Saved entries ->

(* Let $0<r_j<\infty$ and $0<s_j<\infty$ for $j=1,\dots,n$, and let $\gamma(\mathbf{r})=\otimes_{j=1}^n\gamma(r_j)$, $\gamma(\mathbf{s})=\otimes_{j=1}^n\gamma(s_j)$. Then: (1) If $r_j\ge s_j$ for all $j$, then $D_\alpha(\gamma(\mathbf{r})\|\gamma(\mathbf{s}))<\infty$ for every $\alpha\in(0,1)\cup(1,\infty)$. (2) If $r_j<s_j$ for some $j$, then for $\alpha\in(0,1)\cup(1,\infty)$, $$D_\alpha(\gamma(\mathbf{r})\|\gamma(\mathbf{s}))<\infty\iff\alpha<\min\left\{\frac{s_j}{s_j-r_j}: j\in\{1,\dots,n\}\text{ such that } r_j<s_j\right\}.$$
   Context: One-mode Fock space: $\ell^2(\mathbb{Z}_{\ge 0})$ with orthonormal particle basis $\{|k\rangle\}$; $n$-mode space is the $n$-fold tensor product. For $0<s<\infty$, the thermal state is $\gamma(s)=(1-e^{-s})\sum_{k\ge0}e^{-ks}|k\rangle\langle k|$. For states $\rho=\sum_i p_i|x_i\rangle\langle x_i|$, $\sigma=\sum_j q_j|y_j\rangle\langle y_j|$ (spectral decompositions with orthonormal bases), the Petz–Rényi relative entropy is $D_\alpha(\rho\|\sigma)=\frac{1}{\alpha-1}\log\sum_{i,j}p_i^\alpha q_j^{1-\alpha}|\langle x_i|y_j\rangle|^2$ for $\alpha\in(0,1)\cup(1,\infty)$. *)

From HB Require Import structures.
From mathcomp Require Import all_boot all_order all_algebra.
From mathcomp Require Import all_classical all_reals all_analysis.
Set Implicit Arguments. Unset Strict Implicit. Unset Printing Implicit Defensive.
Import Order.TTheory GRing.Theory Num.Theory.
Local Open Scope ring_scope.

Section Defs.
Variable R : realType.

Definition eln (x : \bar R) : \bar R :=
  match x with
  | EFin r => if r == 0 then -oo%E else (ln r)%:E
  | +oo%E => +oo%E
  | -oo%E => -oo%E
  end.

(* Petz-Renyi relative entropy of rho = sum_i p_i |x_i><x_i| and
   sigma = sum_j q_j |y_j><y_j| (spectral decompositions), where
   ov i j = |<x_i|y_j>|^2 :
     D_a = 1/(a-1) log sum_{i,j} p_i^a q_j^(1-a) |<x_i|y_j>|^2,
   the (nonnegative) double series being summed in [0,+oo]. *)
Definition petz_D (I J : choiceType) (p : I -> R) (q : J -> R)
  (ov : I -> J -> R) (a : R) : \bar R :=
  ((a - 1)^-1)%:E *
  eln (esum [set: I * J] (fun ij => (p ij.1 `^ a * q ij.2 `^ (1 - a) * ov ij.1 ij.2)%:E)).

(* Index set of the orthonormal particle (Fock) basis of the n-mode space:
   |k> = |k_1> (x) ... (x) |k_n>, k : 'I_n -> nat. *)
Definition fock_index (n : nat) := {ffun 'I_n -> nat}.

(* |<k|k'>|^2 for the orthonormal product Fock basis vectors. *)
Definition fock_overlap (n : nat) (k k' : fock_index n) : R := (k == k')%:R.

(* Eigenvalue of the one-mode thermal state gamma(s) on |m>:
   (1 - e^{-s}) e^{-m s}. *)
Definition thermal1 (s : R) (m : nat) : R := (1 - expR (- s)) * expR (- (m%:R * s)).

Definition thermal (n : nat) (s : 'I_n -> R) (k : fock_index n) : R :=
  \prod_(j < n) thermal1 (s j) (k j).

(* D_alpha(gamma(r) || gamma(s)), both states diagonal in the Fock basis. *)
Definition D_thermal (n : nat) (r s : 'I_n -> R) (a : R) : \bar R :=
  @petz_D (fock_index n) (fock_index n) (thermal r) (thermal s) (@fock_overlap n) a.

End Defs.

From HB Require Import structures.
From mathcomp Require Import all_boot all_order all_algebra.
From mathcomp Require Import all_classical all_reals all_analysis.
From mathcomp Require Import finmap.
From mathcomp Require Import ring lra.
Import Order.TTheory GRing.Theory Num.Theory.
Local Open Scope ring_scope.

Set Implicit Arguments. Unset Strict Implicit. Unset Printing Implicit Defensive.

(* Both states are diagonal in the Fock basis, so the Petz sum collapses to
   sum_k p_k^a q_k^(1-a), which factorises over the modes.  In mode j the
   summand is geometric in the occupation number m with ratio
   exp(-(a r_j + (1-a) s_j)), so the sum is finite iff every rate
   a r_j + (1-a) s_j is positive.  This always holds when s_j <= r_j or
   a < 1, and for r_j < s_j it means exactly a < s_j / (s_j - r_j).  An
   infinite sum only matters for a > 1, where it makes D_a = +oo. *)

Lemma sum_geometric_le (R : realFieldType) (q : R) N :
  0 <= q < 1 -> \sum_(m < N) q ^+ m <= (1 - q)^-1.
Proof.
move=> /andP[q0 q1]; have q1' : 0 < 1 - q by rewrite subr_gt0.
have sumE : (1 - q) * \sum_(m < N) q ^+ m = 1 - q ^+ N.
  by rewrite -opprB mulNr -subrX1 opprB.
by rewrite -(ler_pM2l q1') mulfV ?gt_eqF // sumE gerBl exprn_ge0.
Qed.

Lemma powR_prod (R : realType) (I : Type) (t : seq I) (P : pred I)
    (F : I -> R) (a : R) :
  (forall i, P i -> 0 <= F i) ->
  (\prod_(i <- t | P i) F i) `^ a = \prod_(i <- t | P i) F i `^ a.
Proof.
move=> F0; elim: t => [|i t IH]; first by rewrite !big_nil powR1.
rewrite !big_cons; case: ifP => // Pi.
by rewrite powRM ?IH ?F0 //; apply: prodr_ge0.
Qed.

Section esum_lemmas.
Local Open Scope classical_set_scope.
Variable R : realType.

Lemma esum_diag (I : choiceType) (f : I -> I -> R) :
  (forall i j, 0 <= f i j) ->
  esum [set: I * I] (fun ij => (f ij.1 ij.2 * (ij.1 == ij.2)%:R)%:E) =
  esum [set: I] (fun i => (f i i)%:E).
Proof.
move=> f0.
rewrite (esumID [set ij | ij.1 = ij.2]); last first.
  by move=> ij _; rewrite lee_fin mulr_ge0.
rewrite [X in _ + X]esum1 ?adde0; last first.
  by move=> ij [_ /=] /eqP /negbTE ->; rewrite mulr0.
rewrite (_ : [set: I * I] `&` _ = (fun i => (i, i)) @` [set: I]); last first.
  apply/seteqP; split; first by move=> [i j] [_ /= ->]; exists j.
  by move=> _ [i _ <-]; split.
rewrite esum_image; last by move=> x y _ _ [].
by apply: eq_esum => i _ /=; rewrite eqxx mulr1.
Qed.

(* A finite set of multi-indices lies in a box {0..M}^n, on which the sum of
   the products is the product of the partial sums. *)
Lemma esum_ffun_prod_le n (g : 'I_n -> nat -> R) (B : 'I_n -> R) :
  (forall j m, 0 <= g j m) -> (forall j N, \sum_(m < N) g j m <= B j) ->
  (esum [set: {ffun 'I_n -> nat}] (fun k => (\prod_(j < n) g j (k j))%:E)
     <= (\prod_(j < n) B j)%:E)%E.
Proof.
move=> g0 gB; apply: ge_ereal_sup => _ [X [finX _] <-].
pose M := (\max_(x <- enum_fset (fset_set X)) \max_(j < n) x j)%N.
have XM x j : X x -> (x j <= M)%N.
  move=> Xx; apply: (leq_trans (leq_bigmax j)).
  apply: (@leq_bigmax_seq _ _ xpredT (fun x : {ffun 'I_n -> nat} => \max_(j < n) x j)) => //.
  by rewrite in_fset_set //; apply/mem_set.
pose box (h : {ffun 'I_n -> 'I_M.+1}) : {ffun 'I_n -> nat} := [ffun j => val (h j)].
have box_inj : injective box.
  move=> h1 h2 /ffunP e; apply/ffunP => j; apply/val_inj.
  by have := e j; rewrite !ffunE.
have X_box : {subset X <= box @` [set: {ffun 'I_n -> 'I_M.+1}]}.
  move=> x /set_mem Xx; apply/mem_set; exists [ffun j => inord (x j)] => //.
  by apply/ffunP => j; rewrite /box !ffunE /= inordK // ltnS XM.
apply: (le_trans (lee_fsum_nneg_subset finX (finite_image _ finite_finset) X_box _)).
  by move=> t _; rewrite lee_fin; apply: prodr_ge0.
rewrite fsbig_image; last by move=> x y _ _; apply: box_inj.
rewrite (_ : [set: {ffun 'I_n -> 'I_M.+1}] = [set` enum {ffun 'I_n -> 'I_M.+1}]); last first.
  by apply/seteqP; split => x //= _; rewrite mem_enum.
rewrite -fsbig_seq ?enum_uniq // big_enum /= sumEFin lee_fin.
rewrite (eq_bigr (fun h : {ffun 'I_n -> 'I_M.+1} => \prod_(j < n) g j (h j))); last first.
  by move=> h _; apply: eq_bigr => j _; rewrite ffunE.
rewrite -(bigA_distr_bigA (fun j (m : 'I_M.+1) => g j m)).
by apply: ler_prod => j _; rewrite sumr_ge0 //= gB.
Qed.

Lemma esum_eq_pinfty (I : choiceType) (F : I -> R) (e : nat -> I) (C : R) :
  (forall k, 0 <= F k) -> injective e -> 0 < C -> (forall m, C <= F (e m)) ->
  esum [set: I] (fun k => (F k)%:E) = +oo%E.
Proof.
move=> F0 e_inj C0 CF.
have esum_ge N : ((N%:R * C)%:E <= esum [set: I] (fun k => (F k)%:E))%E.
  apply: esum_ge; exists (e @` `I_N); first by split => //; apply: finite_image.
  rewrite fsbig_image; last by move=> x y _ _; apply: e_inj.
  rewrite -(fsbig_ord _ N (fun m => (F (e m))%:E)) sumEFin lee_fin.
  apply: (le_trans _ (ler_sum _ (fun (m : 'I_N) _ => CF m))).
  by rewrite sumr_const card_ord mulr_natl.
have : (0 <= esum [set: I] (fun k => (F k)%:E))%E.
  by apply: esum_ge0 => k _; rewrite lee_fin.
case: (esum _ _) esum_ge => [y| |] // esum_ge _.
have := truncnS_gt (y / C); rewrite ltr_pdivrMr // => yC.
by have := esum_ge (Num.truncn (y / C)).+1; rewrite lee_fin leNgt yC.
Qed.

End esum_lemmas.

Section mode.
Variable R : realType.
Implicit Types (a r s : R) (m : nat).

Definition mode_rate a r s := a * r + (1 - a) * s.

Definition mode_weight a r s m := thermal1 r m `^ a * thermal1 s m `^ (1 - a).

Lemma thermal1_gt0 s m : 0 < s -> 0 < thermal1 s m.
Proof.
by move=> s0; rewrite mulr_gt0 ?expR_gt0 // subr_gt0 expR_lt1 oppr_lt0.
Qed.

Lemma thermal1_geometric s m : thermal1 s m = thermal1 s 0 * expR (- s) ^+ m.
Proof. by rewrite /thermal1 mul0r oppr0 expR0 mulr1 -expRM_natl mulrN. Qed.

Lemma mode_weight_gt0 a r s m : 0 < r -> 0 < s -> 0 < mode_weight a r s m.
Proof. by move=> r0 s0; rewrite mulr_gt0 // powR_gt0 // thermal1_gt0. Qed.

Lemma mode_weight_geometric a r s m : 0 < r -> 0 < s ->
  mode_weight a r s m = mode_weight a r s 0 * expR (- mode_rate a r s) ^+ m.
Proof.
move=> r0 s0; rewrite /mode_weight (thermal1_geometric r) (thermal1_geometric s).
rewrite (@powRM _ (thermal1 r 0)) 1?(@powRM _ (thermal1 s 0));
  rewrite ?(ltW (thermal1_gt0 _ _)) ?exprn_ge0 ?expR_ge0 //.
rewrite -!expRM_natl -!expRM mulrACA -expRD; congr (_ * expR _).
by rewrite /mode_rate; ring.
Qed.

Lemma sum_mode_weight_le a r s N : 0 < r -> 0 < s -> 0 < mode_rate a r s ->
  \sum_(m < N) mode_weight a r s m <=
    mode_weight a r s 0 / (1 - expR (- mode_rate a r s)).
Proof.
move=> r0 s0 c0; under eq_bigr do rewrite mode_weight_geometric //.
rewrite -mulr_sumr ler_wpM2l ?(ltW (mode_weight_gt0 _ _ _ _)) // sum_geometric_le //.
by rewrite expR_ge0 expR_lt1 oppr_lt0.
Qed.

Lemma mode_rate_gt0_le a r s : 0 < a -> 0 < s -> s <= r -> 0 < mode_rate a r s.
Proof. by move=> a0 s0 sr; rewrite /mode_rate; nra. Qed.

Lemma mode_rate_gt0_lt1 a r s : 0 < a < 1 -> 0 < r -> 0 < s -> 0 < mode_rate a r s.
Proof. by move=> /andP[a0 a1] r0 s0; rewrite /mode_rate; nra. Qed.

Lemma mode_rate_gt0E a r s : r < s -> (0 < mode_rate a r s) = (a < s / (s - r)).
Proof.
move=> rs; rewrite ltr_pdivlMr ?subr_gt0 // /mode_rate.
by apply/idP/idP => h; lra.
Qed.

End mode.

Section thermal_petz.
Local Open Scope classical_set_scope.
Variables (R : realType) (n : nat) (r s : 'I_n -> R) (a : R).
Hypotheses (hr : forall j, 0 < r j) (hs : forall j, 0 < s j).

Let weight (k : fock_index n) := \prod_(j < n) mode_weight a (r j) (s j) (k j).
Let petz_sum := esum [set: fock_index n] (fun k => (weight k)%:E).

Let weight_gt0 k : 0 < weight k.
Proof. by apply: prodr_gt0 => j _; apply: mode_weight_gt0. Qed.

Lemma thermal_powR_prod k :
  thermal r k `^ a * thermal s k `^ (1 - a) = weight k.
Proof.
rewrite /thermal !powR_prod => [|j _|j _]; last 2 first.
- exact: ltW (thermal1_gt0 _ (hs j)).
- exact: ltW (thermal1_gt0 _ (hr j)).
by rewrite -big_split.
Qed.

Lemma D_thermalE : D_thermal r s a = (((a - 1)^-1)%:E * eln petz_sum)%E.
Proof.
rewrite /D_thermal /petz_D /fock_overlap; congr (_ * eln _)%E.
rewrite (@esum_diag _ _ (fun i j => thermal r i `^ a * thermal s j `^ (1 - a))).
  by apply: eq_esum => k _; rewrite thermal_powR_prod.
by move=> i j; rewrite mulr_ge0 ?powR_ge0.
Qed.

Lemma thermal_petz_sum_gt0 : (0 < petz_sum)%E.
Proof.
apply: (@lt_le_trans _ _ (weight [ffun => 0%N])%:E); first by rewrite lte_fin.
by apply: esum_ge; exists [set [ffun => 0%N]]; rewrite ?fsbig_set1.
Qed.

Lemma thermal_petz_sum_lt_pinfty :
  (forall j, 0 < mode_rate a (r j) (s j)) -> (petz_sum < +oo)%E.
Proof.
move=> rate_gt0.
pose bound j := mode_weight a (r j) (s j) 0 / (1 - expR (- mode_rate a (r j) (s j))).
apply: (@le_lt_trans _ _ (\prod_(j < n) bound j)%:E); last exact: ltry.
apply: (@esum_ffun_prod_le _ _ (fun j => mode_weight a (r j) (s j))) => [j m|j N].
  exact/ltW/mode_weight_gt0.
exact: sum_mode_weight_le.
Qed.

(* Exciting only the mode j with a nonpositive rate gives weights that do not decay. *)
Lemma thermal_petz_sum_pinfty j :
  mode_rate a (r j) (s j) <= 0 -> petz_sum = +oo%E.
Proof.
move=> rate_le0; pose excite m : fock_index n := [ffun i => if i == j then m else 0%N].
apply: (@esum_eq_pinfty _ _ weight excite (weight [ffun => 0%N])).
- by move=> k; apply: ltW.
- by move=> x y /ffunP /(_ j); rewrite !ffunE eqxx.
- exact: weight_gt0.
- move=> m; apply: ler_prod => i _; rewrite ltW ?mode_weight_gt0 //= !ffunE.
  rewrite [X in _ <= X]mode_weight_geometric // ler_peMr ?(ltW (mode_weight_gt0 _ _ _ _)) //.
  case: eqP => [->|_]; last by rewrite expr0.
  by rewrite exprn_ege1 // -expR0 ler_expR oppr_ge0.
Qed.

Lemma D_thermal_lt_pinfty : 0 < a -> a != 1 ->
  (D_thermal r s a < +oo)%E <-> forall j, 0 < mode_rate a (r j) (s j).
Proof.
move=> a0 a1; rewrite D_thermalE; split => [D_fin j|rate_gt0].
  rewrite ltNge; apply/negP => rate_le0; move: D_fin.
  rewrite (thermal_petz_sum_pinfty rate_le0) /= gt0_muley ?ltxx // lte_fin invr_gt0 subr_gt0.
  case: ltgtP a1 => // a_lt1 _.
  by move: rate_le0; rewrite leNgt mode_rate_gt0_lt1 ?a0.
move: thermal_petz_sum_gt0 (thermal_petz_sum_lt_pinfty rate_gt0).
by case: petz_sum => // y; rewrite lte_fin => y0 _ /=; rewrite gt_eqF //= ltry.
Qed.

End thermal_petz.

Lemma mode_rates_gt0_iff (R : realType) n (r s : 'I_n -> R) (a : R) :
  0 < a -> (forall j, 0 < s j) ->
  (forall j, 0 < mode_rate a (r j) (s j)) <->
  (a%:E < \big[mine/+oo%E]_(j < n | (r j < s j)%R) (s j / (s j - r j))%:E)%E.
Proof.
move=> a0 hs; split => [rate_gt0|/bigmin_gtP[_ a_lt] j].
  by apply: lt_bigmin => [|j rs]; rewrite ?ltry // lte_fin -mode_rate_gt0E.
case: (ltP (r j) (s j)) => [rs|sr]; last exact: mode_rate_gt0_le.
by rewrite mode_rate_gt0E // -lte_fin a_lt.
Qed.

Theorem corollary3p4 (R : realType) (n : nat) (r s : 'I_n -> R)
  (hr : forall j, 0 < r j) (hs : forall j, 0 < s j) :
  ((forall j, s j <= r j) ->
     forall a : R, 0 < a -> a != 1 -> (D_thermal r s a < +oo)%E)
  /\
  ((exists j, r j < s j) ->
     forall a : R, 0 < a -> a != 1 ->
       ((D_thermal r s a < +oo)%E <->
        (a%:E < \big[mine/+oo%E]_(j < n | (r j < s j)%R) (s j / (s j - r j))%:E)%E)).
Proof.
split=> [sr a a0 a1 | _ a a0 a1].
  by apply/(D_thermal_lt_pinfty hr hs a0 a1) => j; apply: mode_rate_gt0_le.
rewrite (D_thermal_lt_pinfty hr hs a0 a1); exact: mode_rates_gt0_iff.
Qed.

REQUIRED ACTION -> Report only how many lines in the records contain the word "that".

WRITTEN REPLY -> 2